[Start of section]
(* Let $K$ be either $\mathbb{Q}$ or a quadratic field $\mathbb{Q}[\sqrt{d}]$ with $d\ne 1$ square-free, let $\mathfrak{o}_K$ be its ring of integers and $C_2=\langle g\rangle$. Then the unit group $\mathcal{U}(\mathfrak{o}_K[C_2])$ is trivial (i.e. consists only of the trivial units $ug$, $u\in\mathcal{U}(\mathfrak{o}_K)$, $g\in C_2$) if and only if $K=\mathbb{Q}$ or $K$ is imaginary quadratic, i.e. $d<0$.
   Context: A unit of the group ring $\mathfrak{o}_K[G]$ is called trivial if it is of the form $ug$ with $u\in\mathcal{U}(\mathfrak{o}_K)$ and $g\in G$. *)

From mathcomp Require Import all_boot all_order all_algebra all_field.
Set Implicit Arguments. Unset Strict Implicit. Unset Printing Implicit Defensive.
Import Order.TTheory GRing.Theory Num.Theory.
Local Open Scope ring_scope.

Definition squarefree_int (d : int) : Prop :=
  d != 0 /\ forall p : nat, prime p -> ~~ (p * p %| `|d|)%N.

(* The field K = Q(sqrt d) inside algC (for d = 1 this is Q itself). *)
Definition inK (d : int) (x : algC) : Prop :=
  exists a b : rat, x = ratr a + ratr b * sqrtC (d%:~R).

Definition inOK (d : int) (x : algC) : Prop := inK d x /\ x \in Aint.

Definition unitOK (d : int) (u : algC) : Prop :=
  inOK d u /\ exists v, inOK d v /\ u * v = 1.

(* The group ring o_K[C_2], C_2 = <g>: the pair (a, b) stands for a + b g.
   Multiplication uses g^2 = 1. *)
Definition gr_mul (x y : algC * algC) : algC * algC :=
  (x.1 * y.1 + x.2 * y.2, x.1 * y.2 + x.2 * y.1).
Definition gr_one : algC * algC := (1, 0).

Definition in_grOK (d : int) (x : algC * algC) : Prop :=
  inOK d x.1 /\ inOK d x.2.

(* Units of o_K[C_2] (the ring is commutative). *)
Definition gr_unit (d : int) (x : algC * algC) : Prop :=
  in_grOK d x /\ exists y, in_grOK d y /\ gr_mul x y = gr_one.

Definition gr_trivial_unit (d : int) (x : algC * algC) : Prop :=
  exists u, unitOK d u /\ (x = (u, 0) \/ x = (0, u)).

Definition trivial_unit_group (d : int) : Prop :=
  forall x, gr_unit d x -> gr_trivial_unit d x.

From mathcomp Require Import all_boot all_order all_algebra all_field.
From mathcomp Require Import zify ring lra.
Set Implicit Arguments. Unset Strict Implicit. Unset Printing Implicit Defensive.
Import Order.TTheory GRing.Theory Num.Theory.
Local Open Scope ring_scope.

(* Map a + b g in o_K[C_2] to the pair (a + b, a - b) in o_K x o_K: a unit goes to a
   pair of units of o_K.  When K is Q or imaginary quadratic, |z|^2 is a nonnegative
   integer for z in o_K, so units of o_K have |z|^2 = 1, and the parallelogram law
   gives |a|^2 + |b|^2 = 1; hence a = 0 or b = 0 and the unit is trivial.  When
   d > 1, a solution of Pell's equation x^2 - d y^2 = 1 with y <> 0 yields the
   nontrivial unit x + y sqrt d g, with inverse x - y sqrt d g.  Pell's equation is
   solved classically: Dirichlet's approximation theorem gives infinitely many
   (p, q) with |p^2 - d q^2| <= 2 d, and two of them with the same value k of
   p^2 - d q^2 that are congruent modulo k combine into a solution. *)

Lemma pigeonhole_seq (T U : eqType) (f : T -> U) (s : seq T) (t : seq U) :
  uniq s -> {subset map f s <= t} -> (size t < size s)%N ->
  exists x y, [/\ x \in s, y \in s, x != y & f x = f y].
Proof.
move=> us sub lt_ts.
have [/hasP [x xs /hasP [y ys /andP [xy /eqP fxy]]] | noc] :=
  boolP (has (fun x => has (fun y => (x != y) && (f x == f y)) s) s).
  by exists x, y.
have f_inj : {in s &, injective f}.
  move=> x y xs ys fxy; apply/eqP; apply: contraNT noc => xy.
  by apply/hasP; exists x => //; apply/hasP; exists y; rewrite // xy fxy eqxx.
have := uniq_leq_size _ sub; rewrite map_inj_in_uniq // size_map => /(_ us).
by rewrite leqNgt lt_ts.
Qed.

Lemma residue_collision (K : int * int -> int) (M : nat) (s : seq (int * int)) :
  uniq s -> ((2 * M + 1) * M * M < size s)%N ->
  (forall x, x \in s -> K x != 0 /\ `|K x| <= M%:Z) ->
  exists x y, [/\ x \in s, y \in s, x != y, K x = K y &
    (x.1 = y.1 %[mod K x])%Z /\ (x.2 = y.2 %[mod K x])%Z].
Proof.
move=> s_uniq s_size s_K.
pose c x := (absz (K x + M%:Z), absz (x.1 %% K x)%Z, absz (x.2 %% K x)%Z).
pose t := [seq (ij, l) | ij <- [seq (i, j) | i <- iota 0 (2 * M + 1), j <- iota 0 M],
                         l <- iota 0 M].
have sub : {subset map c s <= t}.
  move=> _ /mapP [x xs ->]; have [K_neq0 K_le] := s_K x xs.
  have := modz_ge0 x.1 K_neq0; have := ltz_mod x.1 K_neq0.
  have := modz_ge0 x.2 K_neq0; have := ltz_mod x.2 K_neq0.
  rewrite /c; move: (x.1 %% K x)%Z (x.2 %% K x)%Z => r1 r2.
  move: (K x) K_neq0 K_le => k K_neq0 K_le r2_lt r2_ge r1_lt r1_ge.
  rewrite !allpairs_f // !mem_iota /=; clear -K_neq0 K_le r1_ge r1_lt r2_ge r2_lt; lia.
have [|x [y [xs ys xy]]] := pigeonhole_seq s_uniq sub.
  by rewrite !size_allpairs !size_iota.
have [K_neq0 K_le] := s_K x xs; have [_ K_le'] := s_K y ys.
case=> e_K e_1 e_2; exists x, y.
have Kxy : K x = K y by move: e_K K_le K_le'; clear; lia.
rewrite -Kxy in e_1 e_2; have := modz_ge0 x.1 K_neq0; have := modz_ge0 y.1 K_neq0.
have := modz_ge0 x.2 K_neq0; have := modz_ge0 y.2 K_neq0.
move: e_1 e_2; move: (x.1 %% K x)%Z (y.1 %% K x)%Z (x.2 %% K x)%Z (y.2 %% K x)%Z.
by move=> r1 r1' r2 r2' *; split=> //; split; lia.
Qed.

Section DiophantineApproximation.

Variable R : archiRealFieldType.
Implicit Types (a x : R).

Definition frac x := x - (Num.floor x)%:~R.

Lemma frac_ge0 x : 0 <= frac x.
Proof. by rewrite /frac subr_ge0 floor_le. Qed.

Lemma frac_lt1 x : frac x < 1.
Proof. by have := floorD1_gt x; rewrite /frac intrD; lra. Qed.

Lemma floor_eq_dist_lt1 x y : Num.floor x = Num.floor y -> `|x - y| < 1.
Proof.
move=> exy; have /andP [x_ge x_lt] := floor_itv x; have /andP [y_ge y_lt] := floor_itv y.
by move: x_ge x_lt; rewrite exy intrD => x_ge x_lt; rewrite ltr_norml; apply/andP; lra.
Qed.

Lemma frac_mul_diff a (k l : nat) : (k <= l)%N ->
  (l - k)%:Z%:~R * a - (Num.floor (l%:R * a) - Num.floor (k%:R * a))%:~R
  = frac (l%:R * a) - frac (k%:R * a).
Proof. by move=> kl; rewrite /frac intrD intrN -pmulrn natrB //; ring. Qed.

Lemma approx_of_close_fracs a (N k l : nat) : (k < l <= N)%N ->
  N%:R * `|frac (l%:R * a) - frac (k%:R * a)| < 1 ->
  exists p q : int, [/\ 0 < q, q <= N%:Z & N%:R * `|q%:~R * a - p%:~R| < 1].
Proof.
move=> /andP [lt_kl le_lN] close.
exists (Num.floor (l%:R * a) - Num.floor (k%:R * a)), (l - k)%:Z.
rewrite frac_mul_diff ?(ltnW lt_kl) // ltz_nat subn_gt0 lt_kl lez_nat.
by split=> //; apply: leq_trans (leq_subr _ _) le_lN.
Qed.

Theorem dirichlet_approximation a (N : nat) : (0 < N)%N ->
  exists p q : int, [/\ 0 < q, q <= N%:Z & N%:R * `|q%:~R * a - p%:~R| < 1].
Proof.
move=> N_gt0.
pose fl (k : nat) := Num.floor (N%:R * frac (k%:R * a)).
have fl_ge0 k : 0 <= fl k by rewrite floor_ge0 mulr_ge0 ?frac_ge0.
have fl_lt k : fl k < N%:Z.
  rewrite floor_lt_int -[X in _ < X]mulr1 pmulrn.
  by rewrite ltr_pM2l ?ltr0n // frac_lt1.
have sub : {subset map (absz \o fl) (iota 0 N.+1) <= iota 0 N}.
  by move=> _ /mapP [k _ ->]; rewrite mem_iota add0n /=; move: (fl_ge0 k) (fl_lt k); lia.
have [|k [l [kN lN kl flkl]]] := pigeonhole_seq (iota_uniq 0 N.+1) sub.
  by rewrite !size_iota.
have {}flkl : fl k = fl l.
  by move: flkl (fl_ge0 k) (fl_ge0 l) => /=; move: (fl k) (fl l) => x y; lia.
have close k' l' : fl k' = fl l' -> N%:R * `|frac (l'%:R * a) - frac (k'%:R * a)| < 1.
  move=> e; rewrite -[N%:R]ger0_norm ?ler0n // -normrM mulrBr.
  by rewrite distrC; apply: floor_eq_dist_lt1.
rewrite !mem_iota /= in kN lN.
case: (ltngtP k l) kl => // [lt_kl | lt_lk] _.
- by apply: (@approx_of_close_fracs _ N k l); [lia | apply: close].
- by apply: (@approx_of_close_fracs _ N l k); [lia | apply: close].
Qed.

End DiophantineApproximation.

Section SqrtApproximation.

Variables (R : archiRealFieldType) (a : R) (d : int).
Hypotheses (a_ge0 : 0 <= a) (sqr_a : a ^+ 2 = d%:~R) (d_ge1 : 1 <= d).

Lemma sqrt_approx_norm_bound (p q : int) (N : nat) : 0 < q -> q <= N%:Z ->
  N%:R * `|q%:~R * a - p%:~R| < 1 -> `|p ^+ 2 - d * q ^+ 2| <= 2 * d.
Proof.
move=> q_gt0 le_qN close.
have a_ge1 : 1 <= a by rewrite -(expr_ge1 (n := 2)) // sqr_a ler1z.
have a_le_d : a <= d%:~R by rewrite -sqr_a expr2; nra.
have q_ge1 : (1 : R) <= q%:~R by rewrite ler1z.
have le_qN' : (q%:~R : R) <= N%:R by rewrite -[N%:R]/((N%:Z)%:~R) ler_int.
pose t : R := `|q%:~R * a - p%:~R|.
have t_ge0 : 0 <= t := normr_ge0 _.
have qt_lt1 : q%:~R * t < 1 by rewrite -/t in close; nra.
have norm_lt : `|(p ^+ 2 - d * q ^+ 2)%:~R| < 1 + 2 * d%:~R :> R.
  have -> : (p ^+ 2 - d * q ^+ 2)%:~R = (p%:~R - q%:~R * a) * (p%:~R + q%:~R * a) :> R.
    by rewrite intrB intrM !rmorphXn /= -sqr_a; ring.
  rewrite normrM distrC -/t.
  have : `|p%:~R + q%:~R * a| <= t + 2 * q%:~R * a.
    have -> : p%:~R + q%:~R * a = - (q%:~R * a - p%:~R) + 2 * q%:~R * a :> R by ring.
    apply: le_trans (ler_normD _ _) _.
    by rewrite normrN -/t lerD2l ger0_norm // !mulr_ge0 // (le_trans ler01).
  nra.
have : `|p ^+ 2 - d * q ^+ 2| < 1 + 2 * d.
  by rewrite -(ltr_int R) intr_norm [X in _ < X]intrD intrM.
lia.
Qed.

Hypothesis d_not_square : forall p q : int, q != 0 -> p ^+ 2 != d * q ^+ 2.

Lemma sqrt_approx_err_gt0 (p q : int) : q != 0 -> 0 < `|q%:~R * a - p%:~R|.
Proof.
move=> q_neq0; rewrite normr_gt0 subr_eq0; apply: contra (d_not_square p q_neq0).
by move=> /eqP qa_p; apply/eqP/(@intr_inj R); rewrite !expr2 !intrM -qa_p -sqr_a expr2; ring.
Qed.

Lemma approx_err_lower_bound (s : seq (int * int)) :
  (forall x, x \in s -> x.2 != 0) ->
  exists N : nat, (0 < N)%N /\ forall x, x \in s -> 1 <= N%:R * `|x.2%:~R * a - x.1%:~R|.
Proof.
elim: s => [|x s IHs] s_neq0; first by exists 1%N.
have [|N [N_gt0 HN]] := IHs; first by move=> y ys; apply: s_neq0; rewrite in_cons ys orbT.
have err_gt0 := sqrt_approx_err_gt0 x.1 (s_neq0 x (mem_head _ _)).
set err := `|_| in err_gt0.
pose M := Num.bound err^-1.
have M_ge : 1 <= M%:R * err.
  by rewrite -ler_pdivrMr // mul1r ltW // archi_boundP // invr_ge0 ltW.
exists (M + N)%N; split; first by rewrite addn_gt0 N_gt0 orbT.
move=> y; rewrite in_cons natrD mulrDl => /predU1P [-> | ys].
  by apply: le_trans M_ge _; rewrite lerDl mulr_ge0.
by apply: le_trans (HN y ys) _; rewrite lerDr mulr_ge0.
Qed.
[End of section]
Begin with the line that contains "Lemma approx_err_lower_bound (s" and end with the last line of the data. Repeat those two lines and all between them exactly.

Lemma approx_err_lower_bound (s : seq (int * int)) :
  (forall x, x \in s -> x.2 != 0) ->
  exists N : nat, (0 < N)%N /\ forall x, x \in s -> 1 <= N%:R * `|x.2%:~R * a - x.1%:~R|.
Proof.
elim: s => [|x s IHs] s_neq0; first by exists 1%N.
have [|N [N_gt0 HN]] := IHs; first by move=> y ys; apply: s_neq0; rewrite in_cons ys orbT.
have err_gt0 := sqrt_approx_err_gt0 x.1 (s_neq0 x (mem_head _ _)).
set err := `|_| in err_gt0.
pose M := Num.bound err^-1.
have M_ge : 1 <= M%:R * err.
  by rewrite -ler_pdivrMr // mul1r ltW // archi_boundP // invr_ge0 ltW.
exists (M + N)%N; split; first by rewrite addn_gt0 N_gt0 orbT.
move=> y; rewrite in_cons natrD mulrDl => /predU1P [-> | ys].
  by apply: le_trans M_ge _; rewrite lerDl mulr_ge0.
by apply: le_trans (HN y ys) _; rewrite lerDr mulr_ge0.
Qed.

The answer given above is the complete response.